I have added a benchmark, and the results seem to show that the change hashCode
method is more performant (score = average time):
Before
Benchmark Mode Cnt Score Error Units
RelNodeBenchmark.getOutwardEdgesBenchmark avgt 5 107.115 ± 4.869 ns/op
After
Benchmark Mode Cnt Score Error Units
RelNodeBenchmark.getOutwardEdgesBenchmark avgt 5 33.700 ± 0.092 ns/op
However, I don't think performance is the only factor to consider. Quality of
the hash code is also important, as it may lead to performance penalty
ultimately. The quality of identity hash code is something that we cannot
control, and may vary from run to run.
And another problem is stableness. Identity hash code introduces randomness
into the program, making the problem hard to reproduce and debug.
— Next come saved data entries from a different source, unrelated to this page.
Lemma foldl_iter_fdiff (I : Type) (v : I -> V) (k : I -> nat) (l : seq I) Q m :
  foldl (fun Q j => iter (k j) (fdiff (v j)) Q) Q l m =
  \sum_(g <- below (map k l))
     (-1) ^+ (sumn (map k l) - sumn g) * (vbinom (map k l) g)%:R *
     Q (m + \sum_(p <- zip l g) v p.1 *+ p.2).
Proof.
elim: l Q m => [|j l IH] Q m.
  by rewrite big_seq1 /= subnn /vbinom !big_nil expr0 !mul1r addr0.
rewrite [LHS]/= IH.
change (below (map k (j :: l))) with
  (flatten [seq [seq c :: g | g <- below (map k l)] | c <- iota 0 (k j).+1]).
rewrite big_flatten big_map.
under eq_bigr do rewrite big_map.
rewrite exchange_big big_seq [RHS]big_seq.
apply: eq_bigr => g /sumn_below le_g; rewrite iter_fdiff mulr_sumr.
have -> : iota 0 (k j).+1 = index_iota 0 (k j).+1 by rewrite /index_iota subn0.
rewrite big_mkord; apply: eq_bigr => c _.
have le_cj : (c <= k j)%N by rewrite -ltnS.
have -> : (k j + sumn (map k l) - (c + sumn g) = (k j - c) + (sumn (map k l) - sumn g))%N.
  by lia.
rewrite (_ : zip (j :: l) ((c : nat) :: g) = (j, c : nat) :: zip l g) // big_cons /=.
rewrite /vbinom big_cons /= -/(vbinom _ _) exprD natrM (addrC (v j *+ c)) addrA.
ring.
Qed.

End FiniteDifferences.

Section LaurentPairing.
Variables (K : fieldType) (d : nat).
Local Notation exps := 'rV[int]_d.
Local Notation lpoly := (lpoly K d).

Definition lp_pair (G : exps -> K) (p : lpoly) : K := \sum_(t <- p) t.1 * G t.2.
We have
observed that the results produced by Calcite may vary form run to run, so we
often need to debug the program several times before the probem emerge again.
I think this is one step towards solving this problem.
> The hash codes of RelNodes are unreliable
> -----------------------------------------
>
> Key: CALCITE-3836
> URL: https://issues.apache.org/jira/browse/CALCITE-3836
> Project: Calcite
> Issue Type: Improvement
> Components: core
> Reporter: Liya Fan
> Priority: Minor
> Labels: pull-request-available
> Time Spent: 1h 20m
> Remaining Estimate: 0h
>
> For all sub-classes of AbstractRelNode, the {{hashCode}} methods depend on
> {{AbstractRelNode#hashCode}}, because it is declared as final.
> {{AbstractRelNode#hashCode}} depends on {{Object#hashCode}}, which is called
> identify hash code. The details of identity hash code depends on the specific
> JVM implementation. For many JVMs, the implementation is based on the object
> address in the memory. The problem is that, the address of an object may
> change in a JVM, due to GC, memory contraction, etc. So the hash code of an
> object may change, even if the content of the object is not changed (This can
> be confirmed from the JavaDoc of {{Object#hashCode}}).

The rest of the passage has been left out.